MH370: Amateur hour at the Malaysian Remote Sensing Agency?

The Malaysian Remote Sensing Agency (MRSA) today released an annotated satellite image purporting to show a debris field in the Southern Indian Ocean, near the area where the plane is believed to have perished.

Unfortunately, using only the information contained by the image, it can easily be proven to be self-contradicory, and hence useless.

I’ve been collecting satellite imagery of possible debris sightings in a Google Earth file as they are shared with the press, using the coordinates displayed on the image to georeference them as accurately as possible.

The image released today by Malaysia superimposes three areas in high-resolution from breaks in the cloud in a mostly cloudy image, accompanied by their coordinates.

arsm-mh370
Click to enlarge

On the image, these three areas form a long and narrow obtuse triangle (which I’ve highlighted in orange). When I plotted their associated coordinates on Google Earth, it quickly became clear that they do not at all correspond to the same shape. The triangle on Google Earth is completely different.

A subsequent quick casual inspection of the coordinates in the image shows their arrangement to be geographically impossible. Here is the view in Google Earth of the same points, their coordinates accurately georeferenced.

arsm-mh370-ge
Click to enlarge

With their placement known to be wrong, I took a closer look at the high-resolution areas in the image and compared them to their adjacent smaller counterparts. The do not in fact seem to be related. The cloud layers bear no similarity.

This image is either a fabrication — a piece of fiction cynically concocted to feed the journalists and families of the victims — or it is an honest mistake by somebody who perhaps should step aside for the greater good of this recovery mission.

13 thoughts on “MH370: Amateur hour at the Malaysian Remote Sensing Agency?”

  1. Very interesting observations Stefan. Let’s see what turns up when they start zooming in to find the black box. Apparently the signal will only be emitted for 30 days.

  2. To me, it looks as if they flipped the image, making South at the top, and at a slight angle. Could that be a possibility?

    1. No amount of flipping and rotation would change the shape of the triangle. The distances between the points are not the same, nor are the angles.

  3. Agree to your conclusion on the wrong coordinates 100%, i got the same results. One more part in the collection of total wrong information about flight MH370… more to come???

  4. I couldn’t quite believe it – this image is all over every news service – so had to check the coordinates as well, with the same conclusion.

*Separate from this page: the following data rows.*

Definition smoothed (eps : R) (v : word Sigma N) : R :=
  (1 - eps) * mix v +
  (if v \in supported_words Sigma S then eps / INR #|supported_words Sigma S| else 0).

Lemma smoothed_ge_mix eps v : 0 < eps -> (1 - eps) * mix v <= smoothed eps v.
Proof.
move=> eps_gt0; have K_gt0 : 0 < INR #|supported_words Sigma S|.
  by have := supported_words_ge1 Sigma S; lra.
have unif_gt0 := Rdiv_lt_0_compat _ _ eps_gt0 K_gt0.
by rewrite /smoothed; case: ifP => _; lra.
Qed.

Lemma smoothed_ge0 eps v : 0 < eps < 1 -> 0 <= smoothed eps v.
Proof.
move=> eps_bd; have mix_v := mix_ge0 v.
have ge_mix := smoothed_ge_mix v (proj1 eps_bd); nra.
Qed.

Lemma smoothed_sum1 eps : \big[Rplus/R0]_(v : word Sigma N) smoothed eps v = 1.
Proof.
have K_ge1 := supported_words_ge1 Sigma S.
rewrite big_split /= sumR_mull mix_sum1 -big_mkcond /=.
transitivity ((1 - eps) * 1 + INR #|supported_words Sigma S| * (eps / INR #|supported_words Sigma S|)).
  by rewrite sumR_const.
by field; lra.
Qed.

(* Moving the reference point from mix to the smoothed law costs nothing on
   average, since both are distributions (mul_ratio_sub1_le). *)
Lemma change_ref_cost_le eps : 0 < eps < 1 ->
  \big[Rplus/R0]_(v : word Sigma N) \big[Rplus/R0]_(m : Msg)
    (u * (view m v * (smoothed eps v / mix v - 1))) <= 0.
Proof.
move=> eps_bd.
apply: (@Rle_trans _ (\big[Rplus/R0]_(v : word Sigma N) (smoothed eps v - mix v))); last first.
  by rewrite sumR_sub smoothed_sum1 mix_sum1; lra.
apply: sumR_le => v _.
rewrite (eq_bigr (fun m => (smoothed eps v / mix v - 1) * (u * view m v))); last first.
  by move=> m _; ring.
rewrite sumR_mull -mixE Rmult_comm.
by apply: mul_ratio_sub1_le; [apply: mix_ge0 | apply: smoothed_ge0].
Qed.

Lemma info_nats_le eps :
  (forall m m', stat_dist (view m) (view m') <= eps) -> 0 < eps < 1 ->
  info_nats <= - ln (1 - eps) + eps * (1 + ln (INR #|supported_words Sigma S| / eps)).
Proof.
move=> secret eps_bd; have u_gt0 : 0 < u by apply: Rinv_0_lt_compat.
set K := INR #|supported_words Sigma S|; set L := - ln (1 - eps).
set C := 1 + ln (K / eps).
have K_ge1 : 1 <= K by apply: supported_words_ge1.
have L_ge0 : 0 <= L.
  have : ln (1 - eps) <= ln 1 by apply: ln_le_ln; lra.
  by rewrite ln_1 /L; lra.
have C_ge0 : 0 <= C.
  have : 1 <= K / eps by apply: le_div_r; lra.
  by move=> /(ln_le_ln Rlt_0_1); rewrite ln_1 /C; lra.
have term_le m v : kl_term (view m v) (mix v) <=
    Rmin (view m v) (mix v) * L + Rmax (view m v - mix v) 0 * C +
    view m v * (smoothed eps v / mix v - 1).
  apply: kl_term_le; try lra.
  - by split; [apply: view_ge0 | apply: view_le1].
  - exact: mix_ge0.
  - move=> view_gt0; have := mix_ge_view m v.
    by have := Rmult_lt_0_compat _ _ u_gt0 view_gt0; lra.
  - by apply: smoothed_ge_mix; lra.
  - move=> view_gt0; have v_supp : v \in supported_words Sigma S.
      by apply: (view_supported (m := m)); lra.
    have mix_part : 0 <= (1 - eps) * mix v by apply: Rmult_le_pos; [lra | apply: mix_ge0].
    by rewrite /smoothed v_supp -/K; lra.
have total := Rplus_le_compat _ _ _ _ (split_cost_le secret L_ge0 C_ge0)
                (change_ref_cost_le eps_bd).
apply: Rle_trans _ (Rle_trans _ _ _ total _); last lra.
rewrite /info_nats -big_split /=.
apply: sumR_le => v _; rewrite -big_split /=; apply: sumR_le => m _.
by rewrite -Rmult_plus_distr_l; apply: Rmult_le_compat_l; [exact: Rlt_le | apply: term_le].
Qed.

End Views.

Lemma view_dist_set0 (Sigma : finZmodType) (N : nat) (Msg : finType)
  (Enc : Msg -> word Sigma N -> R) :
  (forall m, rsum (Enc m) = 1) ->
  forall m m' v, view_dist Enc set0 m v = view_dist Enc set0 m' v.
Proof.
move=> Enc_sum1; pose z : word Sigma N := [ffun => GRing.zero].
have view0 m v : view_dist Enc set0 m v = if z == v then 1 else 0.
  rewrite /view_dist (eq_bigl (fun _ => z == v)); last first.
    by move=> c; congr (_ == v); apply/ffunP => i; rewrite !ffunE in_set0.
  by case: (z == v); [exact: Enc_sum1 | rewrite big_pred0].
by move=> m m' v; rewrite !view0.
Qed.

(* From nats to bits: for eps <= e^-3 the constant term and -ln(1 - eps) are
   absorbed, giving the bound 2 eps n log2(A / eps) when K <= A^n. *)
Lemma nats_bound_to_bits X eps K A (n : nat) :
  0 < eps <= exp (-3) -> 1 <= K <= A ^ n -> 1 <= A -> (0 < n)%nat ->
  X <= - ln (1 - eps) + eps * (1 + ln (K / eps)) ->
  / ln 2 * X <= 2 * eps * INR n * log2 (A / eps).
Proof.
move=> eps_bd K_bd A_ge1 n_gt0 X_le.
have eps_le : eps <= / 4 := Rle_trans _ _ _ (proj2 eps_bd) exp_m3_le.
have ln_eps : ln eps <= -3 by rewrite -(ln_exp (-3)); apply: ln_le_ln; lra.
have ln_A : 0 <= ln A by rewrite -ln_1; apply: ln_le_ln; lra.
have ln_K : ln K <= INR n * ln A.
  by rewrite -ln_pow; [apply: ln_le_ln; lra | lra].
have n_ge1 : 1 <= INR n by move/leP/le_INR: n_gt0.
have ln_1eps : - ln (1 - eps) <= 2 * eps by apply: neg_ln_one_minus_le; lra.
rewrite ln_div in X_le; try lra.
have nA_ge0 : 0 <= eps * (INR n * ln A) by apply: Rmult_le_pos; nra.
have big_n : 0 <= eps * (2 * INR n - 1) * (- ln eps - 3).
  by apply: Rmult_le_pos; [apply: Rmult_le_pos|]; lra.
have nats_le : X <= 2 * eps * INR n * (ln A - ln eps) by nra.
rewrite /log2 ln_div; try lra.
have -> : 2 * eps * INR n * ((ln A - ln eps) / ln 2) =
          / ln 2 * (2 * eps * INR n * (ln A - ln eps)) by field; have := ln2_pos; lra.
by apply: Rmult_le_compat_l => //; apply/Rlt_le/Rinv_0_lt_compat/ln2_pos.
Qed.

Theorem mainTheorem2 :
  exists eps0 : R, 0 < eps0 /\
  forall (Sigma : finZmodType) (N : nat) (Msg : finType)
    (Enc : Msg -> word Sigma N -> R) (Dec : word Sigma N -> Msg)
    (rho_r rho_w eps delta : R),
    0 < INR #|Msg| ->
    0 <= rho_r <= 1 -> 0 <= rho_w <= 1 ->
    0 < eps -> eps <= eps0 -> 0 <= delta ->
    awtp_code Enc Dec rho_r rho_w eps delta ->
    forall (Sr1 Sr2 Sw1 Sw2 : {set 'I_N}) (rho : R),
      0 <= rho <= 1 ->
      INR #|Sr1| = rho_r * INR N -> INR #|Sr2| = rho_r * INR N ->
      INR #|Sw1| = rho_w * INR N -> INR #|Sw2| = rho_w * INR N ->
      INR #|Sr1 :|: Sw1| = rho * INR N -> INR #|Sr2 :|: Sw2| = rho * INR N ->
      Sr1 :&: Sw2 = set0 ->
      entropy (@unif Msg) - cond_entropy (joint_MC Enc Sr1)
        <= 2 * eps * rho_r * INR N * log2 (INR #|Sigma| / eps).
Proof.
exists (exp (-3)); split; first exact: exp_pos.
move=> Sigma N Msg Enc Dec rho_r rho_w eps delta Msg_gt0 _ _ eps_gt0 eps_small _
  [Enc_pmf [secret _]] Sr1 _ _ _ _ _ Sr1_card _ _ _ _ _ _.
have secret1 m m' : stat_dist (view_dist Enc Sr1 m) (view_dist Enc Sr1 m') <= eps.
  by apply: secret; rewrite Sr1_card; lra.
rewrite (mutual_info_nats Sr1 Enc_pmf Msg_gt0).
have -> : 2 * eps * rho_r * INR N = 2 * eps * INR #|Sr1| by rewrite Sr1_card; ring.
case: (posnP #|Sr1|) => [Sr1_0|Sr1_gt0].
  have -> : Sr1 = set0 by apply/eqP; rewrite -cards_eq0 Sr1_0.
  have indep := view_dist_set0 (fun m => proj2 (Enc_pmf m)).
  by rewrite info_nats_indep // cards0 /=; right; ring.
have Sigma_ge1 : 1 <= INR #|Sigma|.
  have : (0 < #|Sigma|)%nat by apply/card_gt0P; exists GRing.zero.
  by move/leP/le_INR.
apply: (nats_bound_to_bits (K := INR #|supported_words Sigma Sr1|)) => //.
- split; [exact: supported_words_ge1 | exact: card_supported_words].
- by apply: info_nats_le => //; have := exp_m3_le; lra.
Qed.
Fixpoint sat (V : Type) (adj : V -> V -> bool) (env : nat -> V) (phi : fo)
    : Prop :=
  match phi with
  | FTrue => True
  | FFalse => False
  | FEq i j => env i = env j
  | FAdj i j => adj (env i) (env j)
  | FNot f => ~ sat adj env f
  | FAnd f g => sat adj env f /\ sat adj env g
  | FOr f g => sat adj env f \/ sat adj env g
  | FImp f g => sat adj env f -> sat adj env g
  | FEx i f => exists a : V, sat adj (fun k => if k == i then a else env k) f
  | FAll i f => forall a : V, sat adj (fun k => if k == i then a else env k) f
  end.

(* A graph models a sentence (structures are nonempty, so "for all
   assignments" is the usual notion). *)
Definition models (V : Type) (adj : V -> V -> bool) (theta : fo) : Prop :=
  forall env : nat -> V, sat adj env theta.

Record fin_graph := FinGraph {
  fV : finType;
  fadj : rel fV;
  fadj_sym : symmetric fadj;
  fadj_irr : irreflexive fadj;
  fpt : fV }.

(* assignment x_{i+1} |-> t_i for a p-tuple t (default vertex beyond p,
   irrelevant for formulas with free variables among x_1..x_p) *)
Definition env_of (G : fin_graph) (p : nat) (t : p.-tuple (fV G)) : nat -> fV G :=
  fun i => nth (fpt G) t i.

Definition stone_pairing {R : realType} (p : nat) (phi : fo) (G : fin_graph) : R :=
  (#|[set t : p.-tuple (fV G) | `[< sat (@fadj G) (env_of t) phi >] ]|%:R
    / (#|fV G|%:R ^+ p)).

Definition is_rado (V : countType) (adj : rel V) : Prop :=
  symmetric adj /\ irreflexive adj /\
  forall A B : seq V, (forall x, x \in A -> x \notin B) ->
    exists v, v \notin A /\ v \notin B /\
      (forall a, a \in A -> adj v a) /\ (forall b, b \in B -> ~~ adj v b).

Definition elem_conv (G : nat -> fin_graph) (V : Type) (adj : V -> V -> bool)
    : Prop :=
  forall theta, sentence theta ->
    (models adj theta <-> \forall n \near \oo, models (@fadj (G n)) theta).

(* Integration over [0,1]^k (Lebesgue measure), as the iterated integral
   int_0^1 ... int_0^1 f(x_1,...,x_k) dx_k ... dx_1.  (For the bounded
   measurable integrands used below this equals the integral w.r.t. the
   k-fold product of Lebesgue measure, by Fubini.) *)
Fixpoint cube_int {R : realType} (k : nat) : (k.-tuple R -> R) -> R :=
  match k with
  | 0 => fun f => f [tuple]
  | k'.+1 => fun f =>
      Rintegral (@lebesgue_measure R) `[0, 1]%classic
        (fun x => @cube_int R k' (fun t => f (cons_tuple x t)))
  end.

  5. Those 3 satellite images were released to the public back on March 23, 2014. Remember it was the third set of images released a few days after the first two on March 16 and March 18. A casual inspection of the south latitude values clearly showed me that point #3 had to be further north than the other two since 44-40-10 is smaller than either 44-41-24 or 44-41-38, thus point #3 was closer to the equator. I emailed CNN about that discrepency the same day but never heard back from them. They continued to show the images incorrectly for several more days, until the next search area to the southwest published on March 24 was eventually given up on.

  6. Stephan, I don’t mean to quibble, but shouldn’t your point #3 be plotted just a bit below the unlabled 44-40 S latitude line?

    1. Good point — but what you see is an optical illusion. Google Earth’s coordinate lines straddle the ocean floor, while the points of interest are at sea level. I took that screenshot from the top right edge of the screen with North up, so the points look more northerly than they are. Try it yourself in Google Earth and you will see that you can create a parallax effect by moving your point of view. It’s a bit unfortunate but the KMZ file is completely accurate.

      1. I’d think Google Earth would project the geodetic graticule onto a sea level surface. But I take your word for it. Unfortunately my public library here in Fort Myers does not see fit to buy Google Earth or even put an academic version on their system! I need a new laptop!!

        BTW here’s the RAAF brochure I alluded to before:

        https://www.airforce.gov.au/docs/JORN_FAQS.pdf

        1. I did just check again. But do check yourself when you get access.

          1. So the reasoning for lat & lon being projected down to a varying depth of ocean is what? I’m also trying to visualize the effect. I suppose if the viewing point (perspective point) is directly over a location, it makes no difference, but when it is off considerably, say to the south, yeh I can see how the latitude lines would move north, that is, if projected up to the sea level surface, the lines would shift slightly southward. Interesting. Is this done for oceanographic mapping purposes? I still have trouble with the variation of ocean depth and it’s effect upon the position of the latitude lines. Hmmm …

  7. I thought more about how Google places the geodetic graticule onto the sea bottom surfaces. Does that mean they also do it in reverse for high terrain surfaces as well? I used to be a geodesist for a U.S. national mapping agency, now retired. I assure you back then we carefully positioned the graticule onto an ellipsoid or geodetic datum that approximated a mean sea level surface.

    I know this is not the correct forum for any discussion of JORN, but here’s another URL I found in one of my emails to some associates. This shortened renamed brochure (down to 6 pages from 9) is quite similar to the previous one, but it apparently was edited and released only 2 days later on June 14, 2011.